--- RECORDS FOR THIS EXERCISE ---

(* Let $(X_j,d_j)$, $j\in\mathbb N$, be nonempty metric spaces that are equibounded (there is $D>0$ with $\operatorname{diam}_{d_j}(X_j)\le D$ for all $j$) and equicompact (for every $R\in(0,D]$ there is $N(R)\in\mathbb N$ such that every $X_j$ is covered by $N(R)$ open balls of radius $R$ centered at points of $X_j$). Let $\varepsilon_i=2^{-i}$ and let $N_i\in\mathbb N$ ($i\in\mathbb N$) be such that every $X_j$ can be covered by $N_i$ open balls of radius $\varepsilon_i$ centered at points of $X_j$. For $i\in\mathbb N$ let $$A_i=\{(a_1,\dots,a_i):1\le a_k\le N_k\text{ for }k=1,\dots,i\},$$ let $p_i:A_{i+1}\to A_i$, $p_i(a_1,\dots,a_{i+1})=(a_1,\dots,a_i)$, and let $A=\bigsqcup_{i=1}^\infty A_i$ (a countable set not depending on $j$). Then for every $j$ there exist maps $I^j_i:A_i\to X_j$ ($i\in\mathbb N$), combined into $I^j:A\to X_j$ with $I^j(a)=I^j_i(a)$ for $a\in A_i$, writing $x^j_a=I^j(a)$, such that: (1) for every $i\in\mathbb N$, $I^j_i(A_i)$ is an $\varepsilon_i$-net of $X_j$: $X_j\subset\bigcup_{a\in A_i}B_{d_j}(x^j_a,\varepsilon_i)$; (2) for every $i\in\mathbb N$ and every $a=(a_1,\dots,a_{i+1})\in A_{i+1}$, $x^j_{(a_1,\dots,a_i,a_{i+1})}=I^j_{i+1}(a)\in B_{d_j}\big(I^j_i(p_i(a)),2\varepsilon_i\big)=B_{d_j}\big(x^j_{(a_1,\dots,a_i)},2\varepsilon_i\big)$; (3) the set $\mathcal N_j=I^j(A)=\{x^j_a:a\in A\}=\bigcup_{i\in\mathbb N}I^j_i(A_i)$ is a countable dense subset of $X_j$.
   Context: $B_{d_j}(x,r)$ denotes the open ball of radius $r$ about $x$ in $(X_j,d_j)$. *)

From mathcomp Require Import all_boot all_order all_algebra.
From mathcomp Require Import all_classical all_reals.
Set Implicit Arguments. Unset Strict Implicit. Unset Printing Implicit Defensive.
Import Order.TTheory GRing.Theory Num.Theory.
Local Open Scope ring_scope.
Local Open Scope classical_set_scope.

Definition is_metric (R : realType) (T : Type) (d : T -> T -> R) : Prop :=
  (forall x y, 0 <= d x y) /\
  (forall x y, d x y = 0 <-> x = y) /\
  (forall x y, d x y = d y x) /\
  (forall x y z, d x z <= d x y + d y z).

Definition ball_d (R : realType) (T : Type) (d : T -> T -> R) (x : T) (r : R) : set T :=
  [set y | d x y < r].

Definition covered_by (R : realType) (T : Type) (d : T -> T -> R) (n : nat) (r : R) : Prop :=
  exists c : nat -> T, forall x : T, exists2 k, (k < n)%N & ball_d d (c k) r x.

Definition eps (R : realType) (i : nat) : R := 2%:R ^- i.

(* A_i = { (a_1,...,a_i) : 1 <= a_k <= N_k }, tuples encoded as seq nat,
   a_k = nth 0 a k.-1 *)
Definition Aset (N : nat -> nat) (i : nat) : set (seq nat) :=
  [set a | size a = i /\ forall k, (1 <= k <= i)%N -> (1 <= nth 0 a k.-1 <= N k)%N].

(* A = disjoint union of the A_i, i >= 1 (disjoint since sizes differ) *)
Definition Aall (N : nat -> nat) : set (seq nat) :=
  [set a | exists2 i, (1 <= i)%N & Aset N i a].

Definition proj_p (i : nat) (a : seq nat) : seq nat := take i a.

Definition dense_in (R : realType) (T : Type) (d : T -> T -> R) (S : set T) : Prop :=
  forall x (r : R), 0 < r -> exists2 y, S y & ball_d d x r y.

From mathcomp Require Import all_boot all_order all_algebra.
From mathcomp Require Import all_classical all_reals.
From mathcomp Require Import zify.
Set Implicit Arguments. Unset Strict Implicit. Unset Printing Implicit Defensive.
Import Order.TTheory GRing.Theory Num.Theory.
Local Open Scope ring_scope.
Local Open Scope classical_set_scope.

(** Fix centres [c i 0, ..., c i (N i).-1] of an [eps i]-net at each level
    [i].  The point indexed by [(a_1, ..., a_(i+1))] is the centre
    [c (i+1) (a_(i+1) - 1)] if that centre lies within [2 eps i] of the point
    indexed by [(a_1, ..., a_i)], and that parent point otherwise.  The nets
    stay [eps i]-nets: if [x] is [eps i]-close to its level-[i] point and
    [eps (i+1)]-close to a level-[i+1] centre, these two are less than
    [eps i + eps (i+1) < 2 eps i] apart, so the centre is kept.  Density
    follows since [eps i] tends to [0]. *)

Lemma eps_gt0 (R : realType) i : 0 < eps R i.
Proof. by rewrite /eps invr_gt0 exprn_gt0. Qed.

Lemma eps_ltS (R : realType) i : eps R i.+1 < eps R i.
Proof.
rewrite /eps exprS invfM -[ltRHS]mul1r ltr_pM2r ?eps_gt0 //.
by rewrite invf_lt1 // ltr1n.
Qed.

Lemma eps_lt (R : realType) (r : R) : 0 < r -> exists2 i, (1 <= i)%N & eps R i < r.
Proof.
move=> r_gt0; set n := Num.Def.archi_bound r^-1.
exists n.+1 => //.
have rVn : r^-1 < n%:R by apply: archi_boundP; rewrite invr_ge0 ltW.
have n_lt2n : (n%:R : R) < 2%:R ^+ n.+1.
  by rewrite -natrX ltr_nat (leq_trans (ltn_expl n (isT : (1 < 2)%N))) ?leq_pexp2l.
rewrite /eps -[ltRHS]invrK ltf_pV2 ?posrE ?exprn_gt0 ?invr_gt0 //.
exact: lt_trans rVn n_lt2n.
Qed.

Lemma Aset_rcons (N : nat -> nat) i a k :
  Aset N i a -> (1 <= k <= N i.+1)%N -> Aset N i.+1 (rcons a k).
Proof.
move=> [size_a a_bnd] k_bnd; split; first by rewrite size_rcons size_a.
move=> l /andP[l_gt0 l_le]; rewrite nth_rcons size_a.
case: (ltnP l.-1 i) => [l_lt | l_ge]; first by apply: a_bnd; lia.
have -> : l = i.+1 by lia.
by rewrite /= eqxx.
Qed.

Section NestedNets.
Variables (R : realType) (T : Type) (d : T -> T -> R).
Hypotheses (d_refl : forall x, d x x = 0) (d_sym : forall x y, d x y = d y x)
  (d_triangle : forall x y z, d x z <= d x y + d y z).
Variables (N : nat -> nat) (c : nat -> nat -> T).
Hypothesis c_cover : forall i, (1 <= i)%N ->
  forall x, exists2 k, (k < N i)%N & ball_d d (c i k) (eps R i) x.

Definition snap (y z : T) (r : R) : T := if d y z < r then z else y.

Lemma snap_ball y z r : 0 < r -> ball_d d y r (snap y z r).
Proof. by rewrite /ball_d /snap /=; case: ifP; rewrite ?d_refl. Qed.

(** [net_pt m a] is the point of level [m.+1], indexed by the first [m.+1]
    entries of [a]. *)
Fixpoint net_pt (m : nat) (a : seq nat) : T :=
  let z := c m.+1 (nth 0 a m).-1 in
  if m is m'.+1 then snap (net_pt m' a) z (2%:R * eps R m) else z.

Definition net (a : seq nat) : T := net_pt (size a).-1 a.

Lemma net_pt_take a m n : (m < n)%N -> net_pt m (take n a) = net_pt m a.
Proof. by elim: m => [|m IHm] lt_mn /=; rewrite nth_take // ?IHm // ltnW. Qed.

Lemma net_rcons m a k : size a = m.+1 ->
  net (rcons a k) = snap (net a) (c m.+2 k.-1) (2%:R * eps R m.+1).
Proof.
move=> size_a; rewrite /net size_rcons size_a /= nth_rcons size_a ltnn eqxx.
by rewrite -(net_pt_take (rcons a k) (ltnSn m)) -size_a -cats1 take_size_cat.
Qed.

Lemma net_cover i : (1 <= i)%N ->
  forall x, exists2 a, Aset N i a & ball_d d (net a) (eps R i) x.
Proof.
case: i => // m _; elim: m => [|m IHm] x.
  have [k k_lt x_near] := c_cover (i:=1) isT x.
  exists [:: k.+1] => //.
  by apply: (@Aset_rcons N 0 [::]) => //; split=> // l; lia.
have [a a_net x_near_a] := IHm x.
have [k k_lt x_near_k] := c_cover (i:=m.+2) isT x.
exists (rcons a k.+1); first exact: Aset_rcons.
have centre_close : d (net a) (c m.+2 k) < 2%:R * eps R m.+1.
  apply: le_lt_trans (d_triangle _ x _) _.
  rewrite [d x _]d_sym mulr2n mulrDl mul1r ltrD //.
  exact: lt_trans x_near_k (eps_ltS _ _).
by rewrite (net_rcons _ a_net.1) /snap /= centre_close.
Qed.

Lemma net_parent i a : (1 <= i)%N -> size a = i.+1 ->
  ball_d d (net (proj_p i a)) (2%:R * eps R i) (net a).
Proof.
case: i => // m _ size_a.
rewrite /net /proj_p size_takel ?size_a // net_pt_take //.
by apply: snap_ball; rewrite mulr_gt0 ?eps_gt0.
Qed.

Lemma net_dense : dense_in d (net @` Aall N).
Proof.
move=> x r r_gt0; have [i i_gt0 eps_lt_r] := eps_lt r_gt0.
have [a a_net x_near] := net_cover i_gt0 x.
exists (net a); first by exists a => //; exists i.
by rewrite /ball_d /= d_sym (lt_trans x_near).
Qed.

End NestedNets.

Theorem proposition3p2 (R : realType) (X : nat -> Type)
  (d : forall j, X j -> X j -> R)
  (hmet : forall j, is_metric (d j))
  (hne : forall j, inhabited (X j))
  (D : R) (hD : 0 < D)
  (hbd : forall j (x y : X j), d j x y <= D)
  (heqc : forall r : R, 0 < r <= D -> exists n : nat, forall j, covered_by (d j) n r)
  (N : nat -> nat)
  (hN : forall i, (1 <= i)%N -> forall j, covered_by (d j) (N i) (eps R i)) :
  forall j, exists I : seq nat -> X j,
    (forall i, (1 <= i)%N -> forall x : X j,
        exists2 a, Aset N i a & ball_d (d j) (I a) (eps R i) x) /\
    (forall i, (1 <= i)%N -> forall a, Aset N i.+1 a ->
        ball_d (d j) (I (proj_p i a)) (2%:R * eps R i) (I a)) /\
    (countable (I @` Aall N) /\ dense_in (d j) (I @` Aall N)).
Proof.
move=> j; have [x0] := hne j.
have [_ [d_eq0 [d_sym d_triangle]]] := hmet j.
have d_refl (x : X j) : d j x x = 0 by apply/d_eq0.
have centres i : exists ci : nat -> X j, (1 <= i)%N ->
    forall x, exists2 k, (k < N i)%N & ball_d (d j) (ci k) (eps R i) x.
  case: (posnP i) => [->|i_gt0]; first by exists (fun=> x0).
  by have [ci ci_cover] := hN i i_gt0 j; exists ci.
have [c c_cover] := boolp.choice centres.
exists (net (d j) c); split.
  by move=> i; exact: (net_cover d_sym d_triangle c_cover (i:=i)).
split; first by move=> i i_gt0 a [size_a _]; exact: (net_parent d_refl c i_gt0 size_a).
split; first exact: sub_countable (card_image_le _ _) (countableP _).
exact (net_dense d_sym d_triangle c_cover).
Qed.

---

## WHAT TO DO
Starting at the line that has "Lemma eps_lt (R" and ending at the line that has "Lemma net_pt_take a", please write out the lines above exactly, leaving out all others.

## RESPONSE TO THE EXERCISE
Lemma eps_lt (R : realType) (r : R) : 0 < r -> exists2 i, (1 <= i)%N & eps R i < r.
Proof.
move=> r_gt0; set n := Num.Def.archi_bound r^-1.
exists n.+1 => //.
have rVn : r^-1 < n%:R by apply: archi_boundP; rewrite invr_ge0 ltW.
have n_lt2n : (n%:R : R) < 2%:R ^+ n.+1.
  by rewrite -natrX ltr_nat (leq_trans (ltn_expl n (isT : (1 < 2)%N))) ?leq_pexp2l.
rewrite /eps -[ltRHS]invrK ltf_pV2 ?posrE ?exprn_gt0 ?invr_gt0 //.
exact: lt_trans rVn n_lt2n.
Qed.

Lemma Aset_rcons (N : nat -> nat) i a k :
  Aset N i a -> (1 <= k <= N i.+1)%N -> Aset N i.+1 (rcons a k).
Proof.
move=> [size_a a_bnd] k_bnd; split; first by rewrite size_rcons size_a.
move=> l /andP[l_gt0 l_le]; rewrite nth_rcons size_a.
case: (ltnP l.-1 i) => [l_lt | l_ge]; first by apply: a_bnd; lia.
have -> : l = i.+1 by lia.
by rewrite /= eqxx.
Qed.

Section NestedNets.
Variables (R : realType) (T : Type) (d : T -> T -> R).
Hypotheses (d_refl : forall x, d x x = 0) (d_sym : forall x y, d x y = d y x)
  (d_triangle : forall x y z, d x z <= d x y + d y z).
Variables (N : nat -> nat) (c : nat -> nat -> T).
Hypothesis c_cover : forall i, (1 <= i)%N ->
  forall x, exists2 k, (k < N i)%N & ball_d d (c i k) (eps R i) x.

Definition snap (y z : T) (r : R) : T := if d y z < r then z else y.

Lemma snap_ball y z r : 0 < r -> ball_d d y r (snap y z r).
Proof. by rewrite /ball_d /snap /=; case: ifP; rewrite ?d_refl. Qed.

(** [net_pt m a] is the point of level [m.+1], indexed by the first [m.+1]
    entries of [a]. *)
Fixpoint net_pt (m : nat) (a : seq nat) : T :=
  let z := c m.+1 (nth 0 a m).-1 in
  if m is m'.+1 then snap (net_pt m' a) z (2%:R * eps R m) else z.

Definition net (a : seq nat) : T := net_pt (size a).-1 a.

Lemma net_pt_take a m n : (m < n)%N -> net_pt m (take n a) = net_pt m a.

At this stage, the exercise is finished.